Productivity improvements also have been noted since grinding and
rework have been correspondingly reduced.
[0005] Existing flat-glass automatic darkening filters can,
however, add considerable weight to the final product (such as
welding shield), which in turn, can create stress and tension in
the user's neck and shoulders. The rectangular configuration of the
typical glass sandwich construction also tends to limit the
wearer's field of view. Known welding filters have been generally
limited to rectangular constructions because of difficulties in
scribing and breaking the rigid glass substrates.
GLOSSARY
[0006] The terms set forth below will have the meanings as
defined:
[0007] "Automatic darkening filter" means a device that attenuates
light in response to an input from the light itself and without an
input from a person;
[0008] "Band pass filter" means a device that allows light of a
certain range of frequency(s) to pass therethrough but rejects the
passage of light of other frequencies;
[0009] "Curved" means not following a straight line when viewed in
cross-section;
[0010] "Deformation" with respect to a glass layer means being able
to be bent 5 millimeters (mm) over a cantilevered distance of 50 mm
from the fixed point without fracture;
[0011] "Electric field" means a region surrounding an electric
charge, which region can generate a force that can be exerted upon
charged particles or molecules;
[0012] "Flexible" means being able to withstand deformation into a
curved shape without breaking;
[0013] "Glass" means an inorganic amorphous non-crystalline solid
material that is capable of transmitting visible light;
[0014] "Glass layer" or "glass sheet" means glass that has
dimensions that are substantially greater in width and length than
in thickness;
[0015] "Juxtaposed" means to place side by side but not necessarily
in contact with each other;
[0016] "Liquid crystal layer" means a layer that has molecules in a
liquid phase which molecules have some orientational order with
respect to each other and have the ability to align in response to
an electric field;
[0017] "Low twist" means having a twist angle of less than 90
degrees;
[0018] "Nematic molecules" means molecules that exhibit parallel
axes in response to an electric field;
[0019] "Optically-transparent" means that visible light can pass
therethrough sufficiently to see the desired image on the opposing
side of the structure;
[0020] "Orthogonal" means at right angles thereto;
[0021] "Polarize" means to cause light to vibrate in a definite
pattern;
[0022] "Polarizer" means having the ability to polarize visible
light;
[0023] "Polarization direction" means an orientation resulting from
the polarization of light;
[0024] "Rotate" means to change orientation;
[0025] "Sensor" means a device that can detect the presence of a
defined light source and that can send a signal to another
device;
[0026] "Signal" means an electrical quantity such as voltage;
and
[0027] "Twist angle" means an angular difference in orientation
between two surfaces.
SUMMARY OF THE INVENTION
[0028] The present invention provides a switchable filter that
comprises a first polarizer, a second polarizer, and a first
liquid-crystal cell. The first polarizer has a first polarization
direction, and the second polarizer has a second polarization
direction. The second polarization direction may be the same or
different from the first polarization direction. The liquid-crystal
cell is disposed between the first and second polarizers. The
liquid crystal cell contains first and second
optically-transparent, flexible, glass layers and has a liquid
crystal layer located between the first and second curved,
optically-transparent flexible glass layers.
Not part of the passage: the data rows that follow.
(* Let $n\ge1$ and define automorphisms $a,b,c,d_1,\dots,d_n$ of the binary rooted tree $\mathcal{T}_2$ (vertex set the finite words over $\{0,1\}$) recursively by the wreath recursions $a=(0~1)(c,b)$, $b=(0~1)(b,c)$, $c=\sigma_0(d_1,d_1)$, $d_i=\sigma_i(d_{i+1},d_{i+1})$ for $1\le i\le n-1$, $d_n=\sigma_n(a,a)$, where $\sigma_1=(0~1)$ and $\sigma_i=\mathrm{id}$ for all $i\neq1$ (including $\sigma_0$). Then $a$ acts transitively on each level of $\mathcal{T}_2$ (i.e. on the set of words of length $m$, for every $m\ge0$).
   Context: The wreath recursion $f=\pi(f_0,f_1)$ (with $\pi\in S_2$ a permutation of $\{0,1\}$ and $f_0,f_1\in\mathrm{Aut}(\mathcal{T}_2)$) means $f(xw)=\pi(x)\,f_x(w)$ for $x\in\{0,1\}$ and words $w$. *)

(* Vertices of T_2 = finite words over {0,1}, encoded as
   seq bool (false = 0, true = 1). *)
From mathcomp Require Import all_boot.
Set Implicit Arguments. Unset Strict Implicit. Unset Printing Implicit Defensive.

Inductive state := SA | SB | SC | SD of nat.

Definition sigma_flip (i : nat) : bool := i == 1.

(* Wreath recursion data for parameter n: (does the root permutation swap?,
   section at 0, section at 1). *)
Definition rule (n : nat) (s : state) : bool * state * state :=
  match s with
  | SA => (true, SC, SB)
  | SB => (true, SB, SC)
  | SC => (sigma_flip 0, SD 1, SD 1)
  | SD i => if i < n then (sigma_flip i, SD i.+1, SD i.+1)
            else (sigma_flip i, SA, SA)
  end.

Fixpoint act (n : nat) (s : state) (w : seq bool) : seq bool :=
  match w with
  | [::] => [::]
  | x :: w' =>
      let: (p, s0, s1) := rule n s in
      (if p then ~~ x else x) :: act n (if x then s1 else s0) w'
  end.

From mathcomp Require Import all_boot.

(* For a product L of states, consider the parity of the number of vertices of
   level k at which L swaps its two subtrees.  When all these parities are
   odd, L swaps the first letter, so it or its square moves any first letter
   to any other.  The square fixes the first letter and acts below it as a
   product of sections whose level-k parity is the level-(k+1) parity of L,
   hence again odd on every level, and induction on the word length applies.
   For a every parity is odd: c is inactive with equal sections, so all its
   parities vanish, and a, b are active with sections b and c.  The states
   d_i are never involved. *)

Section ProductsOfStates.

Variable n : nat.

Definition section (s : state) (x : bool) : state :=
  if x then (rule n s).2 else (rule n s).1.2.

Lemma act_cons s x w :
  act n s (x :: w) = ((rule n s).1.1 (+) x) :: act n (section s x) w.
Proof. by rewrite /= /section; case: (rule n s) => [[[] s0] s1]. Qed.

Fixpoint level_parity (k : nat) (s : state) : bool :=
  if k is k'.+1 then
    level_parity k' (section s false) (+) level_parity k' (section s true)
  else (rule n s).1.1.

Definition seq_parity (k : nat) (L : seq state) : bool :=
  foldr (fun s b => level_parity k s (+) b) false L.

Lemma seq_parity_cat k A B :
  seq_parity k (A ++ B) = seq_parity k A (+) seq_parity k B.
Proof. by elim: A => [//|s A IH] /=; rewrite IH addbA. Qed.

Fixpoint act_seq (L : seq state) (w : seq bool) : seq bool :=
  if L is s :: L' then act n s (act_seq L' w) else w.

Lemma act_seq_cat A B w : act_seq (A ++ B) w = act_seq A (act_seq B w).
Proof. by elim: A => [//|s A IH] /=; rewrite IH. Qed.

Lemma size_act s w : size (act n s w) = size w.
Proof. by elim: w s => [//|x w IH] s; rewrite act_cons /= IH. Qed.

Lemma size_act_seq L w : size (act_seq L w) = size w.
Proof. by elim: L => [//|s L IH] /=; rewrite size_act IH. Qed.

Fixpoint sections (L : seq state) (x : bool) : seq state :=
  if L is s :: L' then section s (seq_parity 0 L' (+) x) :: sections L' x
  else [::].

Lemma act_seq_cons L x w :
  act_seq L (x :: w) = (seq_parity 0 L (+) x) :: act_seq (sections L x) w.
Proof. by elim: L => [//|s L IH] /=; rewrite IH act_cons addbA. Qed.

Lemma seq_parity_sections k L :
  seq_parity k (sections L false ++ sections L true) = seq_parity k.+1 L.
Proof.
elim: L => [//|s L IH]; rewrite seq_parity_cat in IH.
rewrite seq_parity_cat /= -IH addbF addbT addbACA.
by case: (seq_parity 0 L); rewrite /section //= (addbC (level_parity k _)).
Qed.

Definition square_sections (L : seq state) (x : bool) : seq state :=
  sections L (~~ x) ++ sections L x.

Lemma seq_parity_square_sections k L x :
  seq_parity k (square_sections L x) = seq_parity k.+1 L.
Proof.
by rewrite /square_sections seq_parity_cat -seq_parity_sections seq_parity_cat;
  case: x => //=; rewrite addbC.
Qed.

Lemma iter_act_seq_double L x w j : seq_parity 0 L ->
  iter j.*2 (act_seq L) (x :: w) = x :: iter j (act_seq (square_sections L x)) w.
Proof.
move=> odd0; elim: j => [//|j IH].
by rewrite doubleS !iterS IH !act_seq_cons odd0 /= negbK act_seq_cat.
Qed.

Definition level_transitive (f : seq bool -> seq bool) : Prop :=
  forall m u v, size u = m -> size v = m -> exists j, iter j f u = v.

Lemma odd_parity_level_transitive L :
  (forall k, seq_parity k L) -> level_transitive (act_seq L).
Proof.
move=> oddL m; elim: m L oddL => [|m IH] L oddL [|x w] [|y w'] //=.
  by exists 0.
move=> [size_w] [size_w'].
have fix_first z t : size t = m ->
    exists j, iter j (act_seq L) (z :: t) = z :: w'.
  move=> size_t; have oddS k : seq_parity k (square_sections L z).
    by rewrite seq_parity_square_sections.
  have [j <-] := IH _ oddS t w' size_t size_w'.
  by exists j.*2; rewrite iter_act_seq_double.
have [<-|neq_xy] := eqVneq x y; first exact: fix_first.
have [j move_tail] := fix_first (~~ x) (act_seq (sections L x) w)
  (etrans (size_act_seq _ _) size_w).
exists j.+1; rewrite iterSr act_seq_cons oddL {}move_tail.
by move: neq_xy; case: x; case: y.
Qed.

Lemma level_parity_SC k : level_parity k SC = false.
Proof. by case: k => //= k; rewrite addbb. Qed.

Lemma level_parity_SB k : level_parity k SB.
Proof. by elim: k => //= k ->; rewrite level_parity_SC. Qed.

Lemma level_parity_SA k : level_parity k SA.
Proof. by case: k => //= k; rewrite level_parity_SC level_parity_SB. Qed.

End ProductsOfStates.

Theorem mainTheorem6 (n : nat) (hn : 1 <= n) (m : nat) (u v : seq bool) :
  size u = m -> size v = m -> exists k : nat, iter k (act n SA) u = v.
Proof.
move=> size_u size_v.
have oddA k : seq_parity n k [:: SA] by rewrite /= level_parity_SA.
have [k <-] := @odd_parity_level_transitive n _ oddA _ _ _ size_u size_v.
by exists k; apply: eq_iter.
Qed.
[0029] The inventive switchable filter is beneficial in that
overall product weight can be reduced relative to known
commercially-available products. Reductions in weight are achieved
by the, low weight of the flexible glass layers. These flexible
layers tend to be thinner than the flat glass substrates that have
been used in previous conventional products. Further, the inventive
switchable filter can be fashioned to have a non-rectangular shape,
which improves the user's view field. The user can be provided with
an expanded peripheral range of vision in both the horizontal and
vertical dimensions. The switchable filter also may be configured
in various shapes, for example, to follow the contours of the
wearer's face and to accommodate goggles or eye glasses.
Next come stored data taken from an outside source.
(* Let $K$ be a commutative Noetherian ring with $1$ and let $X$ be a finite set. Every right ideal $R$ of the free $K$-algebra $K\langle X\rangle$ such that $K\langle X\rangle/R$ is a finitely generated $K$-module is finitely presented as a $K$-algebra.
   Context: The free $K$-algebra $K\langle X\rangle$ is the semigroup ring over $K$ of the free semigroup $X^+$ (polynomials in non-commuting variables from $X$ without constant term; no identity). A $K$-algebra is finitely presented if it is isomorphic to $K\langle Y\rangle/I$ with $Y$ finite and $I$ an ideal of $K\langle Y\rangle$ finitely generated as an ideal. *)

From mathcomp Require Import all_boot all_algebra.
Set Implicit Arguments. Unset Strict Implicit. Unset Printing Implicit Defensive.
Import GRing.Theory.
Local Open Scope ring_scope.

Definition is_ideal (K : comNzRingType) (I : K -> Prop) : Prop :=
  I 0 /\ (forall a b, I a -> I b -> I (a + b)) /\ (forall c a, I a -> I (c * a)).

Definition noetherian (K : comNzRingType) : Prop :=
  forall I : K -> Prop, is_ideal I ->
    exists (n : nat) (g : 'I_n -> K),
      forall a, I a <-> exists c : 'I_n -> K, a = \sum_(i < n) c i * g i.

(* An element of K<X> is represented by its coefficient function on words
   (elements of the free monoid seq X); it must vanish on the empty word
   (no constant term) and have finite support (X is finite, so finite
   support = vanishing on all sufficiently long words). *)

Definition is_ncpoly (K : comNzRingType) (X : finType) (f : seq X -> K) : Prop :=
  f [::] = 0 /\ exists N : nat, forall w : seq X, (N <= size w)%N -> f w = 0.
BRIEF DESCRIPTION OF THE DRAWINGS
[0030] FIG. 1 is an exploded view of a curved, switchable filter 10
according to the present invention;
[0031] FIG. 2 shows an exploded view of a curved, switchable filter
10' according to the present invention.
[0032] FIG. 3 is a schematic cross-section of a curved
liquid-crystal cell 34 that may be used in a switchable filter
according to the present invention;
[0033] FIG. 4 is a block diagram of the switchable filter 10 (or
10') disposed in an automatic filter darkening apparatus 60
according to the present invention;
[0034] FIG. 5 is a perspective view of welding helmet 68 according
to the present invention;
[0035] FIG. 6 is a perspective view of protective shield 72 in
accordance with the present invention; and
[0036] FIG. 7 shows a perspective view of protective goggles 76 in
accordance with the present invention.
DETAILED DESCRIPTION OF PREFERRED EMBODIMENTS
[0037] In the practice of the present invention, flexible glass
layers define an enclosed area where liquid-crystal molecules are
free to rotate under the influence of an electric field to produce
a light-filtering effect. The use of flexible glass layers in the
manufacture of a switchable filter enables the components of the
switchable filter to be laminated together in curved form. This
assembly enables a larger viewing area to be achieved for the same
(or even less) weight.
[0038] FIG. 1 shows a curved, switchable, filter 10 where an
outermost component of the filter 10 is a band pass filter 12 that
serves to attenuate the infra-red (IR) and ultra-violet (UV)
wavelength components from a high-intensity incident light. The
band pass filter 12 can be an interference filter that reflects the
IR radiation and absorbs the UV-A, -B and -C components of the
incident light. The band pass filter 12 also may be a combination
of separate IR and UV reflecting and/or absorbing filters. The
curved, switchable filter 10 also includes a first polarization
filter 14, a first optically-rotating liquid-crystal cell 16, and a
second polarization filter 18. The polarization filters 14 and 18
have substantially orthogonal polarization directions, where the
polarization direction of the first polarization filter 14 is
approximately 90.degree. to the polarization direction of the
second polarization filter 18 but in a parallel place. The first
optically-rotating, liquid-crystal cell 16 may be a twisted,
nematic, liquid-crystal cell located between the first and second
orthogonally-related polarization filters 14 and 18. In parallel
alignment with these components is a second liquid-crystal cell 20,
disposed between a pair of polarization filters 18 and 22. The
polarization filters 18 and 22 each have substantially parallel
polarization directions. The parallel polarization directions
enable the cell to be dark when no voltage is applied and light
when there is voltage. The default dark-state provides a safety
function that notifies the user that the product is turned "off".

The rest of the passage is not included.